The palpitations could be due to mild dehydration or an electrolyte imbalance. Just make sure you are drinking enough water and consuming enough salt.
If the problem continues to persist then you may need to add a potassium supplement.
Reduced Physical Performance
Due to your body being still in the transitional phase to fat burning, it loses out on its energy quickly. So, you may see some limitations on your performance when you first begin a keto diet. As your body shifts to using fat for energy, you’ll find that all of your strength and endurance will return to normal.
Getting Started With Keto
So how do you get started with keto?
Getting started with Keto is pretty simple: Just dive in! Here is all that you need to do:
- Calculate your daily macro goals
- Drink enough water
- Understand meal planning and plan your meals so you don’t have missteps
- Get enough sleep
Keto isn’t about missing out on the food you love. Keto is about finding the food you enjoy that is great for your body. This 3-day carb detox diet will give you a great start on the keto diet.
Now, why you will enjoy the keto diet? Because the Keto diet is all about making keto friendly version of the food you love including keto snacks and keto desserts. And the food tastes amazingly delicious. Doubt it?

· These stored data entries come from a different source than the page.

Lemma face_triple_rot x y w : face_triple (x, y, w) = face_triple (y, w, x).
Proof. by rewrite !face_tripleE -(rot_uniq 1 [:: x; y; w]) set3_rot. Qed.

Lemma face_triple_rev3 t : face_triple (rev3 t) = face_triple t.
Proof.
case: t => [[x y] w]; rewrite !face_tripleE -(rev_uniq [:: x; y; w]).
by rewrite /= set3_rev.
Qed.

Lemma face_triple_adj x y w : face_triple (x, y, w) -> adj F x y.
Proof.
move=> xyw; have [xy _ _] := face_triple_neq xyw; have /andP[_ xywF] := xyw.
by rewrite /adj xy; apply/existsP; exists [set x; y; w]; rewrite xywF !inE !eqxx orbT.
Qed.

Lemma face_triple_of_face f u w : f \in F -> u != w -> u \in f -> w \in f ->
  exists2 c, face_triple (u, w, c) & f = [set u; w; c].
Proof.
move=> fF uw uf wf.
have uw_f : [set u; w] \subset f by apply/subsetP=> v; rewrite !inE => /orP[]/eqP->.
have /cards1P[c fc] : #|f :\: [set u; w]| == 1 by rewrite cardsDS // card_face // cards2 uw.
have : c \in f :\: [set u; w] by rewrite fc set11.
rewrite !inE negb_or => /andP[/andP[cu cw] cf].
have uniq_uwc : uniq [:: u; w; c] by rewrite /= !inE negb_or uw eq_sym cu eq_sym cw.
suff ef : f = [set u; w; c] by exists c; rewrite // face_tripleE uniq_uwc -ef.
apply/setP=> v; rewrite !inE; apply/idP/idP => [vf|/orP[/orP[]|]/eqP-> //].
case: eqVneq => [//|vu]; case: eqVneq => [//|vw] /=.
by rewrite -in_set1 -fc !inE negb_or vu vw.
Qed.

Lemma edge_thirds u w : adj F u w ->
  exists a b, a != b /\ forall c, face_triple (u, w, c) = (c == a) || (c == b).
Proof.
move=> uw_adj; have uw : u != w by case/andP: uw_adj.
have /eqP/cards2P[f1 [f2 [f12 faces_uw]]] := edge_two_faces uw_adj.
have face_uw f : [&& f \in F, u \in f & w \in f] = (f == f1) || (f == f2).
  by rewrite -in_set2 -faces_uw inE.
have /and3P[f1F uf1 wf1] : [&& f1 \in F, u \in f1 & w \in f1] by rewrite face_uw eqxx.
have /and3P[f2F uf2 wf2] : [&& f2 \in F, u \in f2 & w \in f2].
  by rewrite face_uw eqxx orbT.
have [a uwa ef1] := face_triple_of_face f1F uw uf1 wf1.
have [b uwb ef2] := face_triple_of_face f2F uw uf2 wf2.
subst f1 f2.
exists a, b; split; first by apply: contraNneq f12 => ->.
move=> c; apply/idP/idP => [uwc|/orP[]/eqP-> //].
have [_ uc wc] := face_triple_neq uwc; have /andP[_ uwcF] := uwc.
have := face_uw [set u; w; c]; rewrite uwcF !inE !eqxx orbT /=.
case/esym/orP=> /eqP/setP/(_ c); rewrite !inE eqxx orbT (eq_sym c u) (eq_sym c w).
  by rewrite (negbTE uc) (negbTE wc) /= => /esym->.
by rewrite (negbTE uc) (negbTE wc) /= => /esym->; rewrite orbT.
Qed.
(* staf_col K m and A *m staf_col K m.+1 agree on S_m, and A^d only reads S_d. *)
Lemma staf_thread_is_thread K : is_staf A K -> is_thread A (staf_thread K).
Proof.
move=> HK n; rewrite /staf_thread mulmxA mulmxE -exprS exprSr -mulmxE -mulmxA.
apply/eqP; rewrite -subr_eq0 -mulmxBr; apply/eqP/matrixP => j c.
rewrite ord1 [RHS]mxE; apply: (mulmx_pow_on_eq0 (U := setT)) => // k kS.
have kS' : k \in reachable A (n + d) by apply: (subsetP (reachable_d_sub A (n + d))).
have [sz bl] := blockP kS'.
rewrite !mxE kS' (staf_col_pow HK 1 bl) expr1 sz addn1 addSn.
by rewrite [in X in X - _]mxE subrr.
Qed.

Lemma kappa_staf_thread K : is_staf A K -> staf_eq A (kappa (staf_thread K)) K.
Proof.
by move=> HK s; case/lastP: s => [|b j] // bj; rewrite kappa_rcons (staf_col_pow HK d bj).
Qed.

Lemma Astar_thread t : is_thread A t -> is_thread A (Astar A t).
Proof. by move=> Ht n; rewrite /Astar {1}(Ht n). Qed.

Lemma scale_thread (a : F) t : is_thread A t -> is_thread A (fun n => a *: t n).
Proof. by move=> Ht n; rewrite (Ht n) scalemxAr. Qed.

Lemma sigma_star_congr K K' :
  staf_eq A K K' -> staf_eq A (sigma_star A K) (sigma_star A K').
Proof.
move=> KK' [|x [|y s]] Hs //=; first by apply: eq_bigr => k _; apply: KK'.
by apply: KK'; move: Hs; rewrite /allowable /= => /andP [_ ->].
Qed.

Lemma sigma_star_kappa t :
  is_thread A t -> staf_eq A (sigma_star A (kappa t)) (kappa (Astar A t)).
Proof.
move=> Ht [|x [|y s]] _ //=; first by rewrite mulmx_allowed_sum.
by rewrite /Astar -Ht.
Qed.

Definition Astar_shift (mu : F) (t : nat -> 'cV[F]_d) : nat -> 'cV[F]_d :=
  fun n => Astar A t n - mu *: t n.

Lemma Astar_shift_ext mu k t u :
  (forall n, t n = u n) -> forall n, iter k (Astar_shift mu) t n = iter k (Astar_shift mu) u n.
Proof. by move=> tu; elim: k => [|k IH] n //=; rewrite /Astar_shift /Astar IH. Qed.

Lemma Astar_shift_thread mu k t :
  is_thread A t -> is_thread A (iter k (Astar_shift mu) t).
Proof.
move=> Ht; elim: k => [|k IH] //= n.
by rewrite /Astar_shift /Astar {1 2}(IH n) mulmxBr -scalemxAr.
Qed.

Lemma sigma_shift_pow_congr mu k K K' :
  staf_eq A K K' -> staf_eq A (sigma_shift_pow A mu k K) (sigma_shift_pow A mu k K').
Proof.
by move=> KK'; elim: k => [|k IH] //= s Hs; rewrite (sigma_star_congr IH Hs) IH.
Qed.

Lemma sigma_shift_pow_kappa mu k t : is_thread A t ->
  staf_eq A (sigma_shift_pow A mu k (kappa t)) (kappa (iter k (Astar_shift mu) t)).
Proof.
move=> Ht; elim: k => [|k IH] //= s Hs.
rewrite (sigma_star_congr IH Hs) IH // (sigma_star_kappa (Astar_shift_thread mu k Ht) Hs).
by rewrite kappa_sub.
Qed.

End ThreadsAndStafs.

Section FittingPart.
Variables (F : fieldType) (d : nat) (A : 'M[F]_d).

Lemma NonN_lin (a : F) v w : NonN A v -> NonN A w -> NonN A (a *: v + w).
Proof. by move=> [x ->] [y ->]; exists (a *: x + y); rewrite mulmxDr -scalemxAr. Qed.

Lemma NonN_mulmx (M : 'M[F]_d) v : M * A = A * M -> NonN A v -> NonN A (M *m v).
Proof.
move=> MA [x ->]; exists (M *m x).
by rewrite !mulmxA !mulmxE (commrX d MA).
Qed.

Lemma thread_NonN t : is_thread A t -> forall n, NonN A (t n).
Proof. by move=> Ht n; exists (t (n + d)%N); apply: thread_pow. Qed.

Variable B : 'cV[F]_d -> 'cV[F]_d.
Hypothesis HB : forall v, NonN A v -> [/\ NonN A (B v), A *m B v = v & B (A *m v) = v].

Lemma NonN_iota v n : NonN A v -> NonN A (iota_map B v n).
Proof. by move=> Hv; elim: n => [|n IH] //=; have [] := HB IH. Qed.

Lemma B_lin (a : F) v w : NonN A v -> NonN A w -> B (a *: v + w) = a *: B v + B w.
Proof.
move=> Hv Hw; have [Bv ABv _] := HB Hv; have [Bw ABw _] := HB Hw.
have -> : a *: v + w = A *m (a *: B v + B w) by rewrite mulmxDr -scalemxAr ABv ABw.
by have [_ _ ->] := HB (NonN_lin a Bv Bw).
Qed.

Lemma iota_lin (a : F) v w : NonN A v -> NonN A w ->
  forall n, iota_map B (a *: v + w) n = a *: iota_map B v n + iota_map B w n.
Proof.
move=> Hv Hw; elim=> [|n IH] //=; rewrite -!/(iota_map B _ n) IH.
exact: B_lin (NonN_iota n Hv) (NonN_iota n Hw).
Qed.

Lemma iota_thread v : NonN A v -> is_thread A (iota_map B v).
Proof. by move=> Hv n /=; have [_ -> _] := HB (NonN_iota n Hv). Qed.

Lemma thread_iota t : is_thread A t -> forall n, iota_map B (t 0%N) n = t n.
Proof.
move=> Ht; elim=> [|n IH] //=; rewrite -/(iota_map B _ n) IH Ht.
by have [_ _ ->] := HB (thread_NonN Ht n.+1).
Qed.

Lemma Astar_iota v : NonN A v -> forall n, Astar A (iota_map B v) n = iota_map B (A *m v) n.
Proof.
move=> Hv; elim=> [|n IH] //=; rewrite -!/(iota_map B _ n) -IH /Astar.
have [_ -> _] := HB (NonN_iota n Hv).
by have [_ _ ->] := HB (NonN_iota n Hv).
Qed.

Lemma iota0 n : iota_map B 0 n = 0.
Proof.
have N0 : NonN A 0 by exists 0; rewrite mulmx0.
by elim: n => [|n IH] //=; rewrite -/(iota_map B 0 n) IH; have [_ _] := HB N0; rewrite mulmx0.
Qed.

Lemma Astar_shift_iota mu k v : NonN A v ->
  forall n, iter k (Astar_shift A mu) (iota_map B v) n = iota_map B ((A - mu%:M) ^+ k *m v) n.
Proof.
move=> Hv; elim: k => [|k IH] n; first by rewrite expr0 mul1mx.
set w := (A - mu%:M) ^+ k *m v.
have Hw : NonN A w.
  apply: NonN_mulmx Hv; apply/esym/commrX.
  by rewrite /GRing.comm mulrBl mulrBr -!mulmxE scalar_mxC.
have -> : (A - mu%:M) ^+ k.+1 *m v = (- mu) *: w + A *m w.
  by rewrite exprS -mulmxE -mulmxA mulmxBl mul_scalar_mx addrC scaleNr.
rewrite iota_lin //; last exact: NonN_mulmx Hw.
rewrite /= /Astar_shift /Astar !IH -/w; have := Astar_iota Hw n; rewrite /Astar => ->.
by rewrite scaleNr addrC.
Qed.

End FittingPart.

Section EigenObjects.
Variables (F : fieldType) (d : nat) (A : 'M[F]_d).
Hypothesis A01 : forall i j, A i j = 0 \/ A i j = 1.

Lemma geometric_seq (t : nat -> 'cV[F]_d) (mu : F) :
  (forall n, t n = mu *: t n.+1) -> mu != 0 -> forall n, t n = mu ^- n *: t 0%N.
Proof.
move=> tS mu0; elim=> [|n IH]; first by rewrite expr0 invr1 scale1r.
by rewrite -[t n.+1]scale1r -(mulVf mu0) -scalerA -tS IH scalerA -invfM -exprS.
Qed.

Lemma staf_thread_eigen K mu : is_staf A K ->
  staf_eq A (sigma_star A K) (fun s => mu * K s) ->
  forall n, Astar A (staf_thread A K) n = mu *: staf_thread A K n.
Proof.
move=> HK Keig; have Ht := staf_thread_is_thread A01 HK.
move=> n; apply: (kappa_inj A01 (Astar_thread Ht) (scale_thread mu Ht)) => s Hs.
have Hk := kappa_staf_thread A01 HK.
by rewrite kappa_scale -(sigma_star_kappa A01 Ht Hs) (sigma_star_congr Hk Hs) Keig // Hk.
Qed.

Lemma eigen_staf_eigenvector K mu : is_staf A K -> eigen_staf A K mu ->
  exists v0 : 'cV[F]_d, [/\ mu != 0, v0 != 0, A *m v0 = mu *: v0 &
    forall s j, allowable A (rcons s j) -> K (rcons s j) = mu ^- (size s) * v0 j 0].
Proof.
move=> HK [[s0 [Hs0 Ks0]] Keig]; set t := staf_thread A K.
have Ht : is_thread A t := staf_thread_is_thread A01 HK.
have Hk : staf_eq A (kappa t) K := kappa_staf_thread A01 HK.
have At := staf_thread_eigen HK Keig.
have tS n : t n = mu *: t n.+1 by rewrite {1}(Ht n) -At.
have t_neq0 : ~ (forall n, t n = 0).
  by move=> t0; move: Ks0; rewrite -Hk // (kappa_ext t0) kappa0 eqxx.
have mu0 : mu != 0.
  by apply/negP => /eqP mu0; apply: t_neq0 => n; rewrite tS mu0 scale0r.
have tn := geometric_seq tS mu0.
exists (t 0%N); split => //.
- by apply/negP => /eqP t00; apply: t_neq0 => n; rewrite tn t00 scaler0.
- exact: At 0%N.
- by move=> s j Hs; rewrite -Hk // kappa_rcons tn mxE.
Qed.

Lemma eigenvector_eigen_staf K mu (v0 : 'cV[F]_d) :
  mu != 0 -> v0 != 0 -> A *m v0 = mu *: v0 ->
  (forall s j, allowable A (rcons s j) -> K (rcons s j) = mu ^- (size s) * v0 j 0) ->
  eigen_staf A K mu.
Proof.
move=> mu0 v00 Av Kv; pose t n := mu ^- n *: v0.
have Ht : is_thread A t.
  by move=> n; rewrite /t -scalemxAr Av scalerA exprSr invfM -mulrA mulVf ?mulr1.
have Kt : staf_eq A K (kappa t).
  by case/lastP => [|b j] // bj; rewrite kappa_rcons Kv // mxE.
have At n : Astar A t n = mu *: t n by rewrite /Astar /t -scalemxAr Av !scalerA mulrC.
split.
  have [j vj] : exists j, v0 j 0 != 0.
    apply/existsP; apply: contraNT v00 => /existsPn v0j.
    by apply/eqP/matrixP => i c; rewrite ord1 mxE; apply/eqP/negPn/v0j.
  by exists [:: j]; rewrite (Kv [::] j) // expr0 invr1 mul1r.
move=> s Hs; rewrite (sigma_star_congr Kt Hs) (sigma_star_kappa A01 Ht Hs).
by rewrite (kappa_ext At) kappa_scale Kt.
Qed.

Variable B : 'cV[F]_d -> 'cV[F]_d.
Hypothesis HB : forall v, NonN A v -> [/\ NonN A (B v), A *m B v = v & B (A *m v) = v].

These tasty keto snacks will clear your doubt. Yes, you can eat them and still lose weight. Isn’t that great?
Become A Fat Burner
Now, the Keto diet is not like any regular diet can be difficult to grasp at first.
Probably the toughest part of the keto diet is cutting out carbs. Most people don’t even know how many carbs they consume in a day until they actually cut out carbs from the diet.
Your body is a sugar burner and you need to make it a fat burner to lose weight. If you are looking to lose weight and keep it off, keto diet is your best friend!